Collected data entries
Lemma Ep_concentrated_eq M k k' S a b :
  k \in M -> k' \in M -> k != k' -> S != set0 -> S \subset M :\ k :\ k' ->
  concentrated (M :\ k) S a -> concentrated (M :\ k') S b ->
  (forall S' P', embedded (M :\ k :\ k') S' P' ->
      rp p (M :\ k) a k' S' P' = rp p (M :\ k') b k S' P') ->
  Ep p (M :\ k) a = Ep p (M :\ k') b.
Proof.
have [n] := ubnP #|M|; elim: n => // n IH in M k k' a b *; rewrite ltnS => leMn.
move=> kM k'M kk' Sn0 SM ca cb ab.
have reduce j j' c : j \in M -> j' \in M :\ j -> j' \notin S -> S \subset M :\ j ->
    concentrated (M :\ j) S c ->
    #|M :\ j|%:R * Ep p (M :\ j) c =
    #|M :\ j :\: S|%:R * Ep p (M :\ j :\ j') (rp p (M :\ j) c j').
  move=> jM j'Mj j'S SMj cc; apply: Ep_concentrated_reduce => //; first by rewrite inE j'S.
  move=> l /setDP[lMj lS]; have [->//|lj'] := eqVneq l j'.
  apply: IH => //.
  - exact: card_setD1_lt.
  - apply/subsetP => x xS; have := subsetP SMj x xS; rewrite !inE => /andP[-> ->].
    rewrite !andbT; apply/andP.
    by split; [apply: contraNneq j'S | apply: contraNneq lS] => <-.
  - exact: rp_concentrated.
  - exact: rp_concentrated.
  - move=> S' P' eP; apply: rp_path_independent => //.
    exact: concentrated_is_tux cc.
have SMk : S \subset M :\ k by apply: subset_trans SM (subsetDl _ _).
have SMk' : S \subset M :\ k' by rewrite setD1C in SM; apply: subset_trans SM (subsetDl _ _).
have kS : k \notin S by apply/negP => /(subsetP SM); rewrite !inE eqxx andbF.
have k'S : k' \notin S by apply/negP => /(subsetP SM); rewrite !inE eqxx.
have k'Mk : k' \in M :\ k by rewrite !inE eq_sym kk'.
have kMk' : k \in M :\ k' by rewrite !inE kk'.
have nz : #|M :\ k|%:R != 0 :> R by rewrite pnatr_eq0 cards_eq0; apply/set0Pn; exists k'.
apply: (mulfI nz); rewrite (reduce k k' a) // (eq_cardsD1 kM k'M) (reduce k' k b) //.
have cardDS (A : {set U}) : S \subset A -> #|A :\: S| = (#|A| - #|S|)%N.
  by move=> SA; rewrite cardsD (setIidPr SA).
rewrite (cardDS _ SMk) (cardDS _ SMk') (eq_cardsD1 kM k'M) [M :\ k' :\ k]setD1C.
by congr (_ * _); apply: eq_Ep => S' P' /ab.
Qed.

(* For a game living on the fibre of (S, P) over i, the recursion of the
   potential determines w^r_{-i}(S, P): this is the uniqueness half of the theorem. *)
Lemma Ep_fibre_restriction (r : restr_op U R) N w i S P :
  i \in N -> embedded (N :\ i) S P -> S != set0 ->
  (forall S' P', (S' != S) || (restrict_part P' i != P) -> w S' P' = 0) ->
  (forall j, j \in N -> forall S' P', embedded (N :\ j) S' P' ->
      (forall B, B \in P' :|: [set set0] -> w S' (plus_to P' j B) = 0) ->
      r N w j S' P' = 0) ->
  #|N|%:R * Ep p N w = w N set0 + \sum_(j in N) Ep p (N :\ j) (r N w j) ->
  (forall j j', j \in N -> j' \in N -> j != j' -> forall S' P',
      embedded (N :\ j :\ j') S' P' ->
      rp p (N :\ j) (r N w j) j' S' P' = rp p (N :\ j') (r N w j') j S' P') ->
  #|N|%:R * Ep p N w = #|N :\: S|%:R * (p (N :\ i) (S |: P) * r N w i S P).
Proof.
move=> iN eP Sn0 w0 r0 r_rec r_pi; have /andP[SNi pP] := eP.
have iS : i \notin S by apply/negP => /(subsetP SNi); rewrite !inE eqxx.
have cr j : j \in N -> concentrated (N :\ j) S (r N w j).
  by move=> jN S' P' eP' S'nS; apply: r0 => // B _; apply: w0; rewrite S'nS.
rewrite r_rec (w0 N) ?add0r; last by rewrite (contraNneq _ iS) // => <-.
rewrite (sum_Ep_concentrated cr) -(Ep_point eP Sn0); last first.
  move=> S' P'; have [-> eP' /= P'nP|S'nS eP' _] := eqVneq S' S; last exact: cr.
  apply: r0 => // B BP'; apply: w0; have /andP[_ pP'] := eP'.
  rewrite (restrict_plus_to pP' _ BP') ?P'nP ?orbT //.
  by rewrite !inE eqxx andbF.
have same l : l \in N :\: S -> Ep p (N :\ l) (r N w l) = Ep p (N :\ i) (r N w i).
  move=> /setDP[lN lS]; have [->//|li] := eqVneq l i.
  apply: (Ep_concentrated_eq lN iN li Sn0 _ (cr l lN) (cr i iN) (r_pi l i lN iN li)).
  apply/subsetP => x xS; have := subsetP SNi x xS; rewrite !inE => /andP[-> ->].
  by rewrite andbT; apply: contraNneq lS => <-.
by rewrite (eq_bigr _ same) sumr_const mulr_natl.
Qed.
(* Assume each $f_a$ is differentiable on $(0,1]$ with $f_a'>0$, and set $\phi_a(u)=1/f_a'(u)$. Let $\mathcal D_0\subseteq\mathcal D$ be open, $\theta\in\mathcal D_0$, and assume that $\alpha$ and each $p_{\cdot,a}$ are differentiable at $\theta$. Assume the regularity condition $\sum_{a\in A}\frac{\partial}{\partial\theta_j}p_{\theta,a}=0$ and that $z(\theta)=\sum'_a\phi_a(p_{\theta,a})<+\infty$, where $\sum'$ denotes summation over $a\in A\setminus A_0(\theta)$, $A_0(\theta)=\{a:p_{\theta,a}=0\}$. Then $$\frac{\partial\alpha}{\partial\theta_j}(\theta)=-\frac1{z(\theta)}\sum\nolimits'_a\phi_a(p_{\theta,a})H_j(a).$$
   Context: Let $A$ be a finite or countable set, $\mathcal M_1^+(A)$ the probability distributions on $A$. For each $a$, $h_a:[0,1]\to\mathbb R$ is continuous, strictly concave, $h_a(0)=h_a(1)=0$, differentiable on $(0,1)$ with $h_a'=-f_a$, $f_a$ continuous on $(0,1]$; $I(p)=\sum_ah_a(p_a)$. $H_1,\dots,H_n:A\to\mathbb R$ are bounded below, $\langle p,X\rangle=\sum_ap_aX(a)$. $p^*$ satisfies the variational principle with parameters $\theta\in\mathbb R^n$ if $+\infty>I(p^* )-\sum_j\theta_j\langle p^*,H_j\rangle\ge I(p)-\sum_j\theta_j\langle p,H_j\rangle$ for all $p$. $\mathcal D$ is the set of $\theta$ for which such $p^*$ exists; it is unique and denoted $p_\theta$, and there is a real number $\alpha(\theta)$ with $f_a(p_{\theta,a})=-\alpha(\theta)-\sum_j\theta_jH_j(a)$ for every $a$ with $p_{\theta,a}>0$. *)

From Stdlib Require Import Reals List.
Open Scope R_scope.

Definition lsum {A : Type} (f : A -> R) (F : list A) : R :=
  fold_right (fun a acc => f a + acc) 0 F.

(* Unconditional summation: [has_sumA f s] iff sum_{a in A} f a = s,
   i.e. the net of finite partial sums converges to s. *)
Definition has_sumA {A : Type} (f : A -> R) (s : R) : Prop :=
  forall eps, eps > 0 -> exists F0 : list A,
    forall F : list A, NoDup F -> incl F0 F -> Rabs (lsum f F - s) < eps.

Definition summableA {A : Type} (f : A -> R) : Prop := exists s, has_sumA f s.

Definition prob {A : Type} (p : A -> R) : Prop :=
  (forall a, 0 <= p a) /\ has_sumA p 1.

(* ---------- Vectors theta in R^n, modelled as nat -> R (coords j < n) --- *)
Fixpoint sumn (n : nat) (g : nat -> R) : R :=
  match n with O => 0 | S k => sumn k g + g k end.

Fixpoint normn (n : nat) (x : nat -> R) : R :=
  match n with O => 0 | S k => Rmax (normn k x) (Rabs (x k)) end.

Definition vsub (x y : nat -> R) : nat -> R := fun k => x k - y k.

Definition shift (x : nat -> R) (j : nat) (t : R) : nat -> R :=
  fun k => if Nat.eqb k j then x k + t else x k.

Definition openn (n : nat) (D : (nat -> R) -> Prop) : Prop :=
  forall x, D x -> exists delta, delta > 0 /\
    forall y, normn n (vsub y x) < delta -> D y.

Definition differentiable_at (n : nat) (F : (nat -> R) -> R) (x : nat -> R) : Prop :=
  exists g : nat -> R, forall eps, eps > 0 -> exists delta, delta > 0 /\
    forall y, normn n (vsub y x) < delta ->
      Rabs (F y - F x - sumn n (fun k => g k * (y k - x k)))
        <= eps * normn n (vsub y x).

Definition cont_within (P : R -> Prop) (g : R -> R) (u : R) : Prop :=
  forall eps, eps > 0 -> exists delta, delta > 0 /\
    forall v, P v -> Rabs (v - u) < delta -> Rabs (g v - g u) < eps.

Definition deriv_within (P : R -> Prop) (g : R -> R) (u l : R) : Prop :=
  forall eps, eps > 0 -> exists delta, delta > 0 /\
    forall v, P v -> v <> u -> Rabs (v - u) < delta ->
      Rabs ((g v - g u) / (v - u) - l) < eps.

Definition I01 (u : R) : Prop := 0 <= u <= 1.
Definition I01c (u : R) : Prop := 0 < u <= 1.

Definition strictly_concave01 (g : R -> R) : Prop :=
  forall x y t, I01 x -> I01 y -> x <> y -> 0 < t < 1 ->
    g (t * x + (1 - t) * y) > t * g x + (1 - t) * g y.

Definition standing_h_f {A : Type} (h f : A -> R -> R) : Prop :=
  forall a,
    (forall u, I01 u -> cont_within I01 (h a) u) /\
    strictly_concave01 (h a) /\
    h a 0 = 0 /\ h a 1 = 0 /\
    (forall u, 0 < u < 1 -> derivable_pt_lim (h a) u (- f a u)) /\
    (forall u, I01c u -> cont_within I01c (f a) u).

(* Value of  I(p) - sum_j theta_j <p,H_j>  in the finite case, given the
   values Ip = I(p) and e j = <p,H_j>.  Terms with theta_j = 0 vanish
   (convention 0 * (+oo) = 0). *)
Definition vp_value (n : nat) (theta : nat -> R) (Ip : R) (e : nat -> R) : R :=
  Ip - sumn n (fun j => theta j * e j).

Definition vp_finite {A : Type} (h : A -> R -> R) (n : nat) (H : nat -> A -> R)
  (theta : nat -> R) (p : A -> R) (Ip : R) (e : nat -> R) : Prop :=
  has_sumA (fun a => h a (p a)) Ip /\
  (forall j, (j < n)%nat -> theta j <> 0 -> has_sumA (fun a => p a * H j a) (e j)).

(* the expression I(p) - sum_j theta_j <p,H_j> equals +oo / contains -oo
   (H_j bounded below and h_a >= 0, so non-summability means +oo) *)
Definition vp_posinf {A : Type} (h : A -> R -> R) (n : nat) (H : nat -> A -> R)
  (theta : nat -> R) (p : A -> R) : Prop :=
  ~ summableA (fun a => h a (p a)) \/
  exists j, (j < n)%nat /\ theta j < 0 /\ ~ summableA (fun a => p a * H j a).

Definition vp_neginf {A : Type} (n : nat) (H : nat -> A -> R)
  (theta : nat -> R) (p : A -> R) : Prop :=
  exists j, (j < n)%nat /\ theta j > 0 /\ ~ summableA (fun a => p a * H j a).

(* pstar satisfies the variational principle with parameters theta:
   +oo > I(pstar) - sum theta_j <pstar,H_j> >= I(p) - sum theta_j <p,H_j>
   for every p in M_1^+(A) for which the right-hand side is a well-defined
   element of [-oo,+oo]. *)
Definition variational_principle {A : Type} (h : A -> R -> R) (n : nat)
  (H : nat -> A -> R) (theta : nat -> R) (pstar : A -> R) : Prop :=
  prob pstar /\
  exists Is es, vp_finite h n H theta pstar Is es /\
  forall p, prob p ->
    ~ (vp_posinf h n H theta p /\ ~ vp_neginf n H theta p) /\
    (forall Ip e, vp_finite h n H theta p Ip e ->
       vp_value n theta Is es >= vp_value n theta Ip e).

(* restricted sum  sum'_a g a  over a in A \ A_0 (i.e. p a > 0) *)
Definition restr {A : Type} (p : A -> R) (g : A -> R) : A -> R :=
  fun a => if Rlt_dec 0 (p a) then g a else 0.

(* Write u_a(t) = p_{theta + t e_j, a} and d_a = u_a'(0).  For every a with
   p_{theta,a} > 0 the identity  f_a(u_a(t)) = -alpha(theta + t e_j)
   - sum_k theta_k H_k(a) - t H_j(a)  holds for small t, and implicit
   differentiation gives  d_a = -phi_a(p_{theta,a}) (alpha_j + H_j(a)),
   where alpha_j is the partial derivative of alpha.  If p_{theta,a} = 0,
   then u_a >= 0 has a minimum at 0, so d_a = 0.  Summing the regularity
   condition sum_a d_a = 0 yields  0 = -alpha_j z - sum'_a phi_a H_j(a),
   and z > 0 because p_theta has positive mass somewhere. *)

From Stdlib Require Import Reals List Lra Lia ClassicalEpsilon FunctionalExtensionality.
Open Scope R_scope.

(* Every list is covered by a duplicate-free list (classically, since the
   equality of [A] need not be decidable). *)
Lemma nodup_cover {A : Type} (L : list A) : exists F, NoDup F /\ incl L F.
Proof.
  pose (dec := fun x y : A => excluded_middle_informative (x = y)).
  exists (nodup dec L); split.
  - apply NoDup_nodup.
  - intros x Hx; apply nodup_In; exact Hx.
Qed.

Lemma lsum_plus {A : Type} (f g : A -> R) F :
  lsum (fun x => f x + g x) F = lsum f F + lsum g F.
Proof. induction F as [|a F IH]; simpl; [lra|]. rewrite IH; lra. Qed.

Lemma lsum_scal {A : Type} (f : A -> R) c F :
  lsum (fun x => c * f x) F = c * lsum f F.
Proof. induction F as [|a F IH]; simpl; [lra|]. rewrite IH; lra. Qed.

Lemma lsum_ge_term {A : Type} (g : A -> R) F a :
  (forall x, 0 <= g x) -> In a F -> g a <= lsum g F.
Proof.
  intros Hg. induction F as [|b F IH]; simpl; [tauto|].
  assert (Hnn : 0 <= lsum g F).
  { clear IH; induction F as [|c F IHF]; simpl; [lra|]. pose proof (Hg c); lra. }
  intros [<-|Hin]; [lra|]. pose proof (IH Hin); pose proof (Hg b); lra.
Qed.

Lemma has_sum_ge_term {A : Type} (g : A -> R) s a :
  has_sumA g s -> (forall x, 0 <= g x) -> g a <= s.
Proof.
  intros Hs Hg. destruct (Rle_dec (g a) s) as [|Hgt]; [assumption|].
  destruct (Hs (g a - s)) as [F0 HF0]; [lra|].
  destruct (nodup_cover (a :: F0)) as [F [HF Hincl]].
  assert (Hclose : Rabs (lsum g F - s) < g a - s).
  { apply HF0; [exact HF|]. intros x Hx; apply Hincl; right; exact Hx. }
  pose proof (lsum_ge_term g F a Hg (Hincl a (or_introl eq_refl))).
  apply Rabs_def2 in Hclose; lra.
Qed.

• _Work item_: Each line in the data that holds the string "andP" needs to be copied.

• _Solution to the exercise_:
  - apply/subsetP => x xS; have := subsetP SMj x xS; rewrite !inE => /andP[-> ->].
    rewrite !andbT; apply/andP.
move=> iN eP Sn0 w0 r0 r_rec r_pi; have /andP[SNi pP] := eP.
  apply: r0 => // B BP'; apply: w0; have /andP[_ pP'] := eP'.
  apply/subsetP => x xS; have := subsetP SNi x xS; rewrite !inE => /andP[-> ->].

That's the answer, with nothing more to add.